# Centeral Heating is gonna make you fat!



## SilverBehemoth (Jan 26, 2011)

http://www.dailymail.co.uk/health/a...heating-making-fat-stop-burning-calories.html

According to 'scientist' having your house warm and cosy will make you add weight, so fuck your heat and be cold!


----------



## Iffy350 (Jan 27, 2011)

The dailymail is a rightwing scam site. Don't believe their bollocks, they lie all the time.


----------



## LizardKing (Jan 27, 2011)

You may as well have posted something from The Sun.


----------



## Zenia (Jan 27, 2011)

I'm fat anyway. =P


----------



## CannonFodder (Jan 27, 2011)

SilverBehemoth said:


> http://www.dailymail.co.uk/health/a...heating-making-fat-stop-burning-calories.html
> 
> According to 'scientist' having your house warm and cosy will make you add weight, so fuck your heat and be cold!


 Actually being in the cold makes your body have to work more to keep your body temperature up.


----------



## Riavis (Jan 27, 2011)

I'm that asshole everyone hates that can't get fat no matter what.

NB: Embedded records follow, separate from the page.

Lemma big_ord_cyclic_shift (R : Type) (idx : R) (op : Monoid.com_law idx)
    (g : nat -> R) n :
  g n = g 0 -> \big[op/idx]_(i < n) g i.+1 = \big[op/idx]_(i < n) g i.
Proof.
case: n => [|n] gn; first by rewrite !big_ord0.
by rewrite big_ord_recr big_ord_recl /= gn Monoid.mulmC.
Qed.

Lemma sum_enum_val_indicator (R : pzSemiRingType) (T : finType) (g : 'I_#|T| -> R) a :
  (\sum_i g i * (enum_val i == a)%:R = g (enum_rank a))%R.
Proof.
rewrite (bigD1 (enum_rank a)) //= enum_rankK eqxx mulr1 big1 ?addr0 // => i ne_ia.
suff /negbTE-> : enum_val i != a by rewrite mulr0.
by apply: contra ne_ia => /eqP <-; rewrite enum_valK.
Qed.

Section PermOrbit.
Variables (T : finType) (s : {perm T}).
Local Notation order := (fingraph.order s).

Lemma eq_iter_perm x i j : i < order x -> j < order x ->
  (iter i s x == iter j s x) = (i == j).
Proof.
move=> lt_i lt_j; apply/eqP/eqP => [E|-> //].
by rewrite -(findex_iter lt_i) -(findex_iter lt_j) E.
Qed.

Lemma iter_order_perm x : iter (order x) s x = x.
Proof. exact: iter_order (@perm_inj _ s) x. Qed.

Lemma permV_iter_order x : (s^-1)%g x = iter (order x).-1 s x.
Proof.
by have := iter_order_perm x; rewrite -(orderSpred s x) /= => {1}<-; rewrite permK.
Qed.

Lemma big_perm_orbit (R : Type) (idx : R) (op : Monoid.com_law idx) (F : T -> R) x :
  \big[op/idx]_(i < order x) F (iter i s x) = \big[op/idx]_(y | fconnect s x y) F y.
Proof.
rewrite -(big_mkord xpredT (fun i => F (iter i s x))).
rewrite -(big_map (fun i => iter i s x) xpredT F) -traject_iota subn0.
rewrite big_uniq ?orbit_uniq //; apply: eq_bigl => y.
by rewrite -fconnect_orbit.
Qed.

End PermOrbit.

Section ExactSystem.
Variable F : fieldType.
Local Open Scope ring_scope.

Lemma mxrank_kermx_mul_inj m n q (A : 'M[F]_(m, n)) (E : 'M_(m, q)) :
  (forall u : 'rV_m, u *m A = 0 -> u *m E = 0 -> u = 0) ->
  \rank (kermx A *m E) = \rank (kermx A).
Proof.
move=> inj; apply/mxrank_injP/eqP/row_matrixP => i; rewrite row0.
by apply: inj; apply/sub_kermxP; apply: submx_trans (row_sub i _) _;
  [apply: capmxSl | apply: capmxSr].
Qed.

Lemma kernel_inj_rank_ge m n q (A : 'M[F]_(m, n)) (E : 'M_(m, q)) :
  (forall u : 'rV_m, u *m A = 0 -> u *m E = 0 -> u = 0) -> (m <= \rank A + q)%N.
Proof.
move/mxrank_kermx_mul_inj => rkKE.
by have := rank_leq_col (kermx A *m E); rewrite rkKE mxrank_ker; lia.
Qed.

(* The rank bound forces im A = ker B, and the injectivity hypothesis makes
   the kernel of A project onto all of F^q through E. *)
Lemma exact_system_solvable m n p q (A : 'M[F]_(m, n)) (B : 'M_(n, p))
    (E : 'M_(m, q)) (b : 'rV_n) (t : 'rV_q) :
  A *m B = 0 -> (forall u : 'rV_m, u *m A = 0 -> u *m E = 0 -> u = 0) ->
  (n + q <= m + \rank B)%N -> b *m B = 0 ->
  exists c : 'rV_m, c *m A = b /\ c *m E = t.
Proof.
move=> AB0 injAE rkB bB0.
have rkKE := mxrank_kermx_mul_inj injAE.
have le_kE := kernel_inj_rank_ge injAE.
have sAkB : (A <= kermx B)%MS by apply/sub_kermxP.
have le_AkB := mxrankS sAkB; rewrite mxrank_ker in le_AkB.
have le_Bn := rank_leq_row B.
have rkA : \rank A = \rank (kermx B) by rewrite mxrank_ker; lia.
have /submxP [c1 def_b] : (b <= A)%MS.
  have := (mxrank_leqif_eq sAkB).2; rewrite rkA eqxx => /esym/andP [_ skBA].
  by apply: submx_trans skBA; apply/sub_kermxP.
have /submxP [w def_t] : (t - c1 *m E <= kermx A *m E)%MS.
  by apply: submx_full; rewrite -col_leq_rank rkKE mxrank_ker; lia.
exists (c1 + w *m kermx A); rewrite !mulmxDl -!(mulmxA w).
by rewrite mulmx_ker mulmx0 addr0 -def_b -def_t addrC subrK.
Qed.

End ExactSystem.

Section Quadrangulation.
Variables (V D : finType) (tail : D -> V) (alpha sigma : {perm D}) (d0 : D).
Hypothesis HQ : quadrangulation tail alpha sigma.

Local Notation ph := (phi alpha sigma).
Local Notation opp d := (ph (ph d)).
Local Notation order := (fingraph.order sigma).

Lemma alphaK : involutive alpha.
Proof. by case: HQ. Qed.

Lemma tail_sigma d : tail (sigma d) = tail d.
Proof. by case: HQ => _ [_ [tail_sigma _]]. Qed.

Lemma fconnect_sigma_tail d e : fconnect sigma d e = (tail e == tail d).
Proof.
apply/idP/eqP => [/iter_findex <-|].
  by elim: (findex _ _ _) => //= k <-; rewrite tail_sigma.
by case: HQ => _ [_ [_ [tail_conn _]]] /esym/tail_conn [k <-]; apply: fconnect_iter.
Qed.

Lemma tail_surj v : exists d, tail d = v.
Proof. by case: HQ => _ [_ [_ [_ [surj _]]]]. Qed.

Lemma darts_connected d e : connect [rel x y | (y == sigma x) || (y == alpha x)] d e.
Proof. by case: HQ => _ [_ [_ [_ [_ [_ [_ [conn _]]]]]]]. Qed.

Lemma euler_formula : #|V| + fcard ph predT = #|D|./2 + 2.
Proof. by case: HQ => _ [_ [_ [_ [_ [_ [_ [_ [euler _]]]]]]]]. Qed.

Lemma four_le_card_vertices : 4 <= #|V|.
Proof. by case: HQ => _ [_ [_ [_ [_ [_ [_ [_ [_ [le4 _]]]]]]]]]. Qed.

Lemma face_quad d : iter 4 ph d = d /\ uniq (map tail (face_walk alpha sigma d)).
Proof. by case: HQ => _ [_ [_ [_ [_ [_ [_ [_ [_ [_ faces]]]]]]]]]. Qed.

Lemma tail_iter_sigma k d : tail (iter k sigma d) = tail d.
Proof. by apply/eqP; rewrite -fconnect_sigma_tail fconnect_iter. Qed.

Lemma tail_phi d : tail (ph d) = tail (alpha d).
Proof. by rewrite -[in RHS](permKV sigma (alpha d)) tail_sigma. Qed.

Lemma oppK d : opp (opp d) = d.
Proof. by have [] := face_quad d. Qed.

Lemma phi_alpha_sigma d : ph (alpha (sigma d)) = d.
Proof. by rewrite /phi alphaK permK. Qed.

Lemma phi_opp d : ph (opp d) = alpha (sigma d).
Proof. by rewrite -{1}(phi_alpha_sigma d) oppK. Qed.

Lemma tail_opp_neq d : tail (opp d) != tail d.
Proof.
have [_] := face_quad d; rewrite /face_walk /= !inE.
by case/and4P => /norP [_ /norP [ne_d _]] _ _ _; rewrite eq_sym.
Qed.

Lemma sigma_opp_invariant_const (T : eqType) (Y : D -> T) :
  (forall x, Y (sigma x) = Y x) -> (forall x, Y (opp x) = Y x) ->
  Y (alpha d0) = Y d0 -> forall x, Y x = Y d0.
Proof.
move=> Y_sigma Y_opp Y_alpha x.
have Y_phi y : Y (ph y) = Y (alpha y) by rewrite -[in RHS](permKV sigma (alpha y)) Y_sigma.
pose P d := (Y d == Y d0) && (Y (alpha d) == Y d0).
have P_step y z : (z == sigma y) || (z == alpha y) -> P y -> P z.
  case/orP => /eqP-> /andP [/eqP Py /eqP Pay]; last by rewrite /P alphaK Py Pay eqxx.
  by rewrite /P Y_sigma Py -[in Y (alpha _)]Y_opp phi_alpha_sigma Y_phi Pay !eqxx.
suff /andP [/eqP //] : P x.
have /connectP [p p_path ->] := darts_connected d0 x.
have : P d0 by rewrite /P Y_alpha eqxx.
by elim: p d0 p_path => //= z p IH y /andP [yz p_path] /(P_step _ _ yz); apply: IH.
Qed.

Lemma order_phi d : fingraph.order ph d = 4.
Proof.
have [_ uniq_tails] := face_quad d.
rewrite (@order_cycle _ ph (face_walk alpha sigma d)) ?inE ?eqxx //.
  by rewrite /face_walk /= !eqxx /= oppK eqxx.
exact: map_uniq uniq_tails.
Qed.

Lemma card_darts : #|D| = 4 * #|V| - 8.
Proof.
have ph_inj : injective ph.
  by move=> x y /(congr1 (fun z => opp (ph z))); rewrite !oppK.
have cardD : #|D| = fcard ph predT * 4.
  by rewrite fcard_order_set //; apply/subsetP => x _; rewrite inE /= order_phi.
have half : (fcard ph predT * 4)./2 = fcard ph predT * 2.
  by rewrite -[4]/(2 * 2) mulnA muln2 doubleK.
have := euler_formula; have := four_le_card_vertices; rewrite cardD half; lia.
Qed.

Definition outdeg (O : {set D}) v := #|[set d in O | tail d == v]|.

Lemma sum_outdeg O : \sum_v outdeg O v = #|O|.
Proof.
rewrite -sum1_card (partition_big tail predT) //=; apply: eq_bigr => v _.
by rewrite sum1dep_card.
Qed.

Lemma outdeg_poles O : is_two_orientation tail alpha sigma d0 O ->
  outdeg O (tail d0) = 0 /\ outdeg O (tail (opp d0)) = 0.
Proof.
case=> O_alpha deg2.
have cardO : #|O| * 2 = #|D| := card_involution_split alphaK O_alpha.
have ne_poles := tail_opp_neq d0.
have sumO := sum_outdeg O.
have cardV : \sum_(v : V) 1 = #|V| by rewrite sum1_card.
rewrite (bigD1 (tail d0)) // (bigD1 (tail (opp d0))) /= ?ne_poles // in sumO.
rewrite (bigD1 (tail d0)) // (bigD1 (tail (opp d0))) /= ?ne_poles // in cardV.
rewrite (eq_bigr (fun _ => 1 + 1)) in sumO => [|v /andP [/eqP ? /eqP ?]]; last exact: deg2.
rewrite big_split /= in sumO; set k := \sum_(v | _) 1 in sumO cardV.
clearbody k; have := card_darts; rewrite -cardO -cardV -sumO; lia.
Qed.

Lemma order_sigma_card d : order d = #|[set e | tail e == tail d]|.
Proof. by apply: eq_card => e; rewrite inE -fconnect_sigma_tail. Qed.

Lemma face_walk_iter d k : iter k ph d \in face_walk alpha sigma d.
Proof.
elim: k => [|k IH] /=; first by rewrite inE eqxx.
by move: IH; rewrite /face_walk !inE => /or4P [] /eqP ->; rewrite ?oppK eqxx ?orbT.
Qed.

Local Notation strong := (is_strong_labeling tail alpha sigma d0).

Lemma strong_labeling_opp lab : strong lab -> forall x, lab (opp x) = ~~ lab x.
Proof.
case=> _ [_ [_ [_ [G3 G3_outer]]]] x.
have [x_outer | x_inner] := boolP (x \in face_walk alpha sigma d0).
  move: G3_outer x_outer; rewrite /face_walk /= !inE => -[l0 l1 l2 l3].
  by case/or4P => /eqP ->; rewrite ?oppK ?l0 ?l1 ?l2 ?l3.
have [k [lt_k4]] : exists k, k < 4 /\
    rot k (map lab (face_walk alpha sigma x)) = [:: false; false; true; true].
  by apply: G3 => -[j x_j]; move: x_inner; rewrite -x_j face_walk_iter.
rewrite /face_walk /=; move: (lab x) (lab (ph x)) (lab (opp x)) (lab (ph (opp x))).
by case: k lt_k4 => [|[|[|[|//]]]] _ [] [] [] [].
Qed.

Definition labeling_orientation (lab : {ffun D -> bool}) : {set D} :=
  [set d | lab d != lab ((sigma^-1)%g d)].

Lemma labeling_orientation_two lab : strong lab ->
  is_two_orientation tail alpha sigma d0 (labeling_orientation lab).
Proof.
case=> _ [_ [G1 [G2 _]]]; split=> [d | v ne_s0 ne_s1].
  by move: (G2 d); rewrite !inE; case: (lab d == _); case: (lab (alpha d) == _).
have [d [k [m [<- k_gt0 m_gt0 order_d pattern]]]] := G1 v ne_s0 ne_s1.
rewrite -order_sigma_card in order_d.
have lab_iter := (map_iota_nseq_cat _ _ _).1 pattern.
have lt_k : k < order d by lia.
suff -> : [set e in labeling_orientation lab | tail e == tail d] = [set d; iter k sigma d].
  by rewrite cards2 eq_sym -[X in _ != X]/(iter 0 sigma d) eq_iter_perm //; lia.
apply/setP => e; rewrite !inE.
have [te | ne_te] := eqVneq (tail e) (tail d); last first.
  by rewrite andbF; apply/esym/norP; split; apply: contraNneq ne_te => ->;
    rewrite ?tail_iter_sigma.
have fc : fconnect sigma d e by rewrite fconnect_sigma_tail te.
rewrite andbT -(iter_findex fc); have := findex_max fc.
case: (findex _ _ _) => [|i] lt_i.
  by rewrite /= eqxx permV_iter_order -order_d (lab_iter 0) ?lab_iter ?k_gt0; lia.
by rewrite (@eq_iter_perm _ _ d i.+1 0) ?eq_iter_perm //= permK -iterS !lab_iter; lia.
Qed.

Lemma labeling_orientation_inj lab1 lab2 : strong lab1 -> strong lab2 ->
  labeling_orientation lab1 = labeling_orientation lab2 -> lab1 = lab2.
Proof.
move=> S1 S2 /setP E; apply/ffunP => x.
pose Y z := lab1 z (+) lab2 z.
have Y_sigma z : Y (sigma z) = Y z.
  move: (E (sigma z)); rewrite !inE permK /Y.
  by do 2!case: (lab1 _); do 2!case: (lab2 _).
have Y_opp z : Y (opp z) = Y z.
  by rewrite /Y !strong_labeling_opp // addbN addNb negbK.
have Y_d0 : Y d0 = false by case: S1 S2 => [l1 _] [l2 _]; rewrite /Y l1 ?l2.
have Y_alpha : Y (alpha d0) = Y d0.
  rewrite -[alpha d0](permKV sigma) Y_sigma Y_d0.
  case: S1 S2 => _ [_ [_ [_ [_ F1]]]] [_ [_ [_ [_ [_ F2]]]]].
  by move: F1 F2; rewrite /face_walk /Y /= => -[_ -> _ _] [_ -> _ _].
have := sigma_opp_invariant_const Y_sigma Y_opp Y_alpha x; rewrite Y_d0 /Y.
by case: (lab1 x); case: (lab2 x).
Qed.

Section LocalRules.
Variables (O : {set D}) (lab : {ffun D -> bool}).
Hypothesis O_two : is_two_orientation tail alpha sigma d0 O.
Hypothesis lab_sigma : forall d, lab (sigma d) = lab d (+) (sigma d \in O).
Hypothesis lab_opp : forall d, lab (opp d) = ~~ lab d.
Hypothesis lab_d0 : lab d0 = false.
Hypothesis lab_phi_d0 : lab (ph d0) = false.

Lemma lab_outdeg0 y d : outdeg O (tail y) = 0 -> tail d = tail y -> lab d = lab y.
Proof.
move/cards0_eq/setP => no_out /eqP; rewrite -fconnect_sigma_tail => /iter_findex <-.
elim: (findex _ _ _) => //= k IH; rewrite lab_sigma IH.
have := no_out (sigma (iter k sigma y)).
by rewrite !inE tail_sigma tail_iter_sigma eqxx andbT => ->; rewrite addbF.
Qed.

Lemma fconnect_out_pair d e : [set x in O | tail x == tail d] = [set d; e] -> fconnect sigma d e.
Proof.
move/setP/(_ e); rewrite !inE eqxx orbT fconnect_sigma_tail.
by case/andP.
Qed.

Bring it on


----------



## Joeyyy (Jan 27, 2011)

The breath I see when Im in my room must be pure calories... :V


----------



## CannonFodder (Jan 27, 2011)

Riavis said:


> I'm that asshole everyone hates that can't get fat no matter what. Bring it on


 HIgh-five another one here!


----------



## Riavis (Jan 27, 2011)

CannonFodder said:


> HIgh-five another one here!



*high-five to secret skinny guy handshake*


----------



## cad (Jan 27, 2011)

I'm never going to get fat, anyway. No matter what happens, I'm always tall and skinny.


----------



## Monster. (Jan 27, 2011)

I'm already a size 16, what the hell do I care? When I'm cold, I need some goddamn heat.


----------



## Catilda Lily (Jan 27, 2011)

If that is how it works than I will be a size zero come summer. It's freezing in my dorm room and I have no way to turn up the heat.


----------



## SilverBehemoth (Jan 27, 2011)

LizardKing said:


> You may as well have posted something from The Sun.


 
I'll probably do that next time, I just decided to post it cause it was ridiculous, and yeah just being the dailymail. I'll enjoy my heat anyways, since I'm already on the big side.


----------



## Lobar (Jan 27, 2011)

LizardKing said:


> You may as well have posted something from The Sun.


 
Please, that's really an unfair shot at the journalistic integrity of The Sun.


----------



## Vo (Jan 27, 2011)

This applies also to air conditioning. Cracked is obviously a good authority on this subject. Besides, it seems self-evident that Real Men don't need climate control.


----------